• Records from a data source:
:::::

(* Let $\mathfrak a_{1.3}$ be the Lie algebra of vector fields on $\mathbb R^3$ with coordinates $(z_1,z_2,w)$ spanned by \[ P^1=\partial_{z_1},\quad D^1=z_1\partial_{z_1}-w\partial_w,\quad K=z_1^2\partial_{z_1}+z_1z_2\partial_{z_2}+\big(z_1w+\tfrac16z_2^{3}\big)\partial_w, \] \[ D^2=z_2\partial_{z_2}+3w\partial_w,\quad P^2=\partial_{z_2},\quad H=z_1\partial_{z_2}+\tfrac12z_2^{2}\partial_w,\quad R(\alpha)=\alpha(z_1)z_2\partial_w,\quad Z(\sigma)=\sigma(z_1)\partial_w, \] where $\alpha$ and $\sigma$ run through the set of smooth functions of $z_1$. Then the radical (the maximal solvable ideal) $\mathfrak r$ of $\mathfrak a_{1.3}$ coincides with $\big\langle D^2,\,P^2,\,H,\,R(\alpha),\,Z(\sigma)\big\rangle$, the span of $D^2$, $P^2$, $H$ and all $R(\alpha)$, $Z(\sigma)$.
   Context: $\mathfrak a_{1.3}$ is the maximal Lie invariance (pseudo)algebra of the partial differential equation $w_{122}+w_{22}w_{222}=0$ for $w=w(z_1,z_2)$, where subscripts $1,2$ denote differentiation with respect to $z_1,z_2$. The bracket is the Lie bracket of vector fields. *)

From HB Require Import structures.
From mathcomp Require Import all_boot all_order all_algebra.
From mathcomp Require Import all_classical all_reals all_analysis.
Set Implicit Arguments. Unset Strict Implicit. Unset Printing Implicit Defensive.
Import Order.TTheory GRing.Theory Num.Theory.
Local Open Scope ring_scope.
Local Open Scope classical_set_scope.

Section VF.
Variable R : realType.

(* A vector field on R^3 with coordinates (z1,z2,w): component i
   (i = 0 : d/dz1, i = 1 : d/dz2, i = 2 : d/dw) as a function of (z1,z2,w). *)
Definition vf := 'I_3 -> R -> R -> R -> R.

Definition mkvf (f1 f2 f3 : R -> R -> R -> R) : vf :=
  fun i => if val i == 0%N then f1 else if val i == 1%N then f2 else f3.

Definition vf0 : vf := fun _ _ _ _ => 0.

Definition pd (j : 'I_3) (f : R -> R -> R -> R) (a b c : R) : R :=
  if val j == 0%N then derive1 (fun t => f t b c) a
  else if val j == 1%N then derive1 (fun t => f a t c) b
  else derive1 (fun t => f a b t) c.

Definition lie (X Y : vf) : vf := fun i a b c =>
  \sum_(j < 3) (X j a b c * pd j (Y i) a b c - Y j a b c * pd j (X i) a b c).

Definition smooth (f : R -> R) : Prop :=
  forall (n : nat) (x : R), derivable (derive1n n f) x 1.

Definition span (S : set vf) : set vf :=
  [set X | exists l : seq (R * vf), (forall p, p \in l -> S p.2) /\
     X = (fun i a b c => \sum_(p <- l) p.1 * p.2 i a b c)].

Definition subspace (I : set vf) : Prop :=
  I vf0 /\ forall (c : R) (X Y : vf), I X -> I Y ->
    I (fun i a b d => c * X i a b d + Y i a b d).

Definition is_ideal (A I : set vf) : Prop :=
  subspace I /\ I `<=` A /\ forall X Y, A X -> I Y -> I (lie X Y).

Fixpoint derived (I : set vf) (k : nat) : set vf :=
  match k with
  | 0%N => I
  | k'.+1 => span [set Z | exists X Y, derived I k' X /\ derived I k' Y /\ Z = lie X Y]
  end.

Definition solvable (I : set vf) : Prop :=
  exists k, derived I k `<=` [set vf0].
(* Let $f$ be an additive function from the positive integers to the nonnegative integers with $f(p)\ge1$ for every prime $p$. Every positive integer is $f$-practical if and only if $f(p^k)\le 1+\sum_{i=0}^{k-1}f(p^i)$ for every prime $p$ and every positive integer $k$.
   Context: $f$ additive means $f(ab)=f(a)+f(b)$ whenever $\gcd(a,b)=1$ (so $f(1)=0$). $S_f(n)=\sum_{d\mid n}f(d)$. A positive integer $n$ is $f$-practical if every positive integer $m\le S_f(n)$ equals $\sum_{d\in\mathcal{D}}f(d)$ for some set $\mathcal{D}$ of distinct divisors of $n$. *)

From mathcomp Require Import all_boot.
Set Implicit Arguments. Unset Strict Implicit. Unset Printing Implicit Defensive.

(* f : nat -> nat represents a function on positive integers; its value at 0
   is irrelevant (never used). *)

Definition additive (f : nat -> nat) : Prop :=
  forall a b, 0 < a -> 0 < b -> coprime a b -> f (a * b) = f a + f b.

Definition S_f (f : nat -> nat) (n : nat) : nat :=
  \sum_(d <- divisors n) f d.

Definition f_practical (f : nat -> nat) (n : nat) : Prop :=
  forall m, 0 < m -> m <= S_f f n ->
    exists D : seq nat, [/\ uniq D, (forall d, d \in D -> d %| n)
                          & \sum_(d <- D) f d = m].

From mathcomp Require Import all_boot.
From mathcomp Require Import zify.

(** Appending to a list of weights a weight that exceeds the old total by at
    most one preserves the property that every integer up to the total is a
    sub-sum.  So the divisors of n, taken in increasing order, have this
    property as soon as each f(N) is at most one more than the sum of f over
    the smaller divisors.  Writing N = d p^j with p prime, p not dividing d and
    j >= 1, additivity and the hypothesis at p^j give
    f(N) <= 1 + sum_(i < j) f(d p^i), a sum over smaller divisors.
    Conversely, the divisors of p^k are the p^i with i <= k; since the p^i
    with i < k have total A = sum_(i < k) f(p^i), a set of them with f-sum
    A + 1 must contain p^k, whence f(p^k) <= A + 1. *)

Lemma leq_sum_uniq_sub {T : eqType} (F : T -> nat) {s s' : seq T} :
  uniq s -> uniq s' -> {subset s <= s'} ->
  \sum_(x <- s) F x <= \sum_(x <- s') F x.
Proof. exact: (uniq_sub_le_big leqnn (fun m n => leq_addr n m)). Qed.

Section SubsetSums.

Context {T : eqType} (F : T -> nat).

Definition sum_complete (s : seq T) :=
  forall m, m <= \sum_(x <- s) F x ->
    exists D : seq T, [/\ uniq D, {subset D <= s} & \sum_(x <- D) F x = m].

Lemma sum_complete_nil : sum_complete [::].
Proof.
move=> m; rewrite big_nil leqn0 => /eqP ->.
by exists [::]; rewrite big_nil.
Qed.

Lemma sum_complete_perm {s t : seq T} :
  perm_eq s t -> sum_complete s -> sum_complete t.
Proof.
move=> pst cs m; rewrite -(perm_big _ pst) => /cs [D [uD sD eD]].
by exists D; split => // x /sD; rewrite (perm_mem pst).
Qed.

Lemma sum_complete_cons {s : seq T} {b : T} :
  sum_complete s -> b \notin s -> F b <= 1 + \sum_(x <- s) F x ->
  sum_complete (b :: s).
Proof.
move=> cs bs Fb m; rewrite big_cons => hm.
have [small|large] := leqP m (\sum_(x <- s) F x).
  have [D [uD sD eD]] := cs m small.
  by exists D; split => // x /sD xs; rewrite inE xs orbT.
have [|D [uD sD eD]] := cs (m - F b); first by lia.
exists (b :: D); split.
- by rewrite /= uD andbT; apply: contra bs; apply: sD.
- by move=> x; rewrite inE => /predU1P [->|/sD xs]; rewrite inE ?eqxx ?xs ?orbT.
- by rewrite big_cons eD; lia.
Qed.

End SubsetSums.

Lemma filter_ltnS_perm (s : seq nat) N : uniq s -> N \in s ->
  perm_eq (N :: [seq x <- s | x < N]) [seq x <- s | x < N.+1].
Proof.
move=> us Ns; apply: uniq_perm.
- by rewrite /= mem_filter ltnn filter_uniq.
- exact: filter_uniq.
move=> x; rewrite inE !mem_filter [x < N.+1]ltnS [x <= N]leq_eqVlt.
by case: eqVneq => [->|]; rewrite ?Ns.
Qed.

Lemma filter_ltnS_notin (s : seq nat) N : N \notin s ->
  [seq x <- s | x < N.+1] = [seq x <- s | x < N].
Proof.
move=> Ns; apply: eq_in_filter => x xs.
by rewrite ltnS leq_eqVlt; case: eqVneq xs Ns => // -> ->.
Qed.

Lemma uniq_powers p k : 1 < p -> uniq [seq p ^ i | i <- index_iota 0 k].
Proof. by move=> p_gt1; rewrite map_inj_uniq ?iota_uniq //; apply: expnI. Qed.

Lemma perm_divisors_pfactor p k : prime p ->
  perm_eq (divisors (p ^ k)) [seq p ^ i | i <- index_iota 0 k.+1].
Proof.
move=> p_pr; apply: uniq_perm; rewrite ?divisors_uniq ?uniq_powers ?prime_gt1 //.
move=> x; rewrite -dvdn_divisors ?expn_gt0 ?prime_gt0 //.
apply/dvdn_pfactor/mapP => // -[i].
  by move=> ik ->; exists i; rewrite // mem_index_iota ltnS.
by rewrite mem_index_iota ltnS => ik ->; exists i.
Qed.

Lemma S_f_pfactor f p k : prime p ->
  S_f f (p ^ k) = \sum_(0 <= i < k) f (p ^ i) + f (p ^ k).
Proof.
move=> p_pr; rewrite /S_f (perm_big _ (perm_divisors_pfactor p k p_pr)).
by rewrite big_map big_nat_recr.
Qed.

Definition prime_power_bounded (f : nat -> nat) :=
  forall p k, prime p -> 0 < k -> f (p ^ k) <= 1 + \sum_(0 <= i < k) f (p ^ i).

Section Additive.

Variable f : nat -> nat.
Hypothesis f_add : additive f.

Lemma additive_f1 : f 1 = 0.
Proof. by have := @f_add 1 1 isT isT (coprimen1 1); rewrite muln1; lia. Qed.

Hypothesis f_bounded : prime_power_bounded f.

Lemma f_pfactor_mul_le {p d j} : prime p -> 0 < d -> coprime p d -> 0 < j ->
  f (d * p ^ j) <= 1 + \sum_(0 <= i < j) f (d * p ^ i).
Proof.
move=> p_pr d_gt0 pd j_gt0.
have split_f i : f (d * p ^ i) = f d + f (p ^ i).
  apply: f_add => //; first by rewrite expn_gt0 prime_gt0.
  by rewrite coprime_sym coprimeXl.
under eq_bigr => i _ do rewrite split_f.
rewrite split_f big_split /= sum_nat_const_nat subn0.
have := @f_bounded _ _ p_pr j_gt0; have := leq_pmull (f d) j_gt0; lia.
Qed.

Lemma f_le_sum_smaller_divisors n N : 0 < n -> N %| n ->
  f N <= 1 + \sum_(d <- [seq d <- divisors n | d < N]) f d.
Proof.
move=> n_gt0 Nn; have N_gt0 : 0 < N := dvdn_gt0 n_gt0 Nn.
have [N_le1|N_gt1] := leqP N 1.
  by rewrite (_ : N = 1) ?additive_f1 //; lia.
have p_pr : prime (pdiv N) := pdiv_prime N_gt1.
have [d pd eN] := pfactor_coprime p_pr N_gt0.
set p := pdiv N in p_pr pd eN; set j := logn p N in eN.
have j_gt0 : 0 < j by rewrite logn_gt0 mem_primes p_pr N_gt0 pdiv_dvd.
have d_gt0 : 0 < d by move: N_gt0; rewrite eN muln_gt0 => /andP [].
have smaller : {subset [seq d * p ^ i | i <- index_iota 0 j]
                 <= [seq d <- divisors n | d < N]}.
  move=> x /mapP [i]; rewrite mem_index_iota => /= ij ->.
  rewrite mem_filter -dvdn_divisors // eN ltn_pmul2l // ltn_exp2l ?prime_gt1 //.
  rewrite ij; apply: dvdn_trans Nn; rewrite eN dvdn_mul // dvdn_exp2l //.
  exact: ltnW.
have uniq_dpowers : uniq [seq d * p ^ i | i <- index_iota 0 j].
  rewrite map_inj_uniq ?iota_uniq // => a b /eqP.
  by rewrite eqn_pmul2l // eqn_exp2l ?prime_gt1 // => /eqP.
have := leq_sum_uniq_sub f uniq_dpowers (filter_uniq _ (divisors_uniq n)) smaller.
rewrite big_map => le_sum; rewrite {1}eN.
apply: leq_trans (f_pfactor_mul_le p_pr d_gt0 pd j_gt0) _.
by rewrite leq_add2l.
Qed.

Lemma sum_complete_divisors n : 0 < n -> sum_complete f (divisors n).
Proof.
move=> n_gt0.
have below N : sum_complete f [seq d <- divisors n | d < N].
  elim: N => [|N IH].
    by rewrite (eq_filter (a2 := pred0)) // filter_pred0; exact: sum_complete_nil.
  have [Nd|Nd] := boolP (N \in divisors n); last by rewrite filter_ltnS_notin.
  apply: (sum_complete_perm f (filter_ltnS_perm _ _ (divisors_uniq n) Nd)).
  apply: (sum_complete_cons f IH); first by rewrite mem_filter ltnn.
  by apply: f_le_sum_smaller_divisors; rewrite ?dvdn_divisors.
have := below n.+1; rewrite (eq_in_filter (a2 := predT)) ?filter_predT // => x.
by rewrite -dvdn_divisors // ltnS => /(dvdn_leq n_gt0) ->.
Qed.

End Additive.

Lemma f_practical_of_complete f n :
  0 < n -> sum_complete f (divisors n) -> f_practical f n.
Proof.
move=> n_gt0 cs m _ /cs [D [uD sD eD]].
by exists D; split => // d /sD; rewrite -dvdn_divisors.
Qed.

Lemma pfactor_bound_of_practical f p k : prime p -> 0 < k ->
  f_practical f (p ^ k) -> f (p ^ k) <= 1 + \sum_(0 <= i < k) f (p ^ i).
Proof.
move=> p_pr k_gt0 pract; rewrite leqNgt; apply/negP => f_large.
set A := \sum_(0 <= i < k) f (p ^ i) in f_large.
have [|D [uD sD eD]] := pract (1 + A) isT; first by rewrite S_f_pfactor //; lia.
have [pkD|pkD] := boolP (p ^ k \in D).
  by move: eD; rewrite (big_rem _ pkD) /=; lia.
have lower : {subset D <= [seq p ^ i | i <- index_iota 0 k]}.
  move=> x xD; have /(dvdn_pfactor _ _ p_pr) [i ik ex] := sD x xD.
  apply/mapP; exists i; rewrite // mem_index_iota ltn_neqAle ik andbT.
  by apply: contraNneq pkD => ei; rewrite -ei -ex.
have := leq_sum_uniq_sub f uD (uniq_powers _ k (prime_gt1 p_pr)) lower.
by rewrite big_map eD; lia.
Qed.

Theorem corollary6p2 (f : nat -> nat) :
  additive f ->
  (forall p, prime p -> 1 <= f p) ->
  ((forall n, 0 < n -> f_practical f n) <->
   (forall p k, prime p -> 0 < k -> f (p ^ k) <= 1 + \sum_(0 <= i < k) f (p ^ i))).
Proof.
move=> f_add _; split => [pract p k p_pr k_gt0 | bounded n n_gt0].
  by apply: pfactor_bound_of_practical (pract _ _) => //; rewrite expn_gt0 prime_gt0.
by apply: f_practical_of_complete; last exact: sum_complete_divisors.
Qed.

:::::

From the records above, copy each line in which the string "andbT" occurs.

- by rewrite /= uD andbT; apply: contra bs; apply: sD.
  apply/mapP; exists i; rewrite // mem_index_iota ltn_neqAle ik andbT.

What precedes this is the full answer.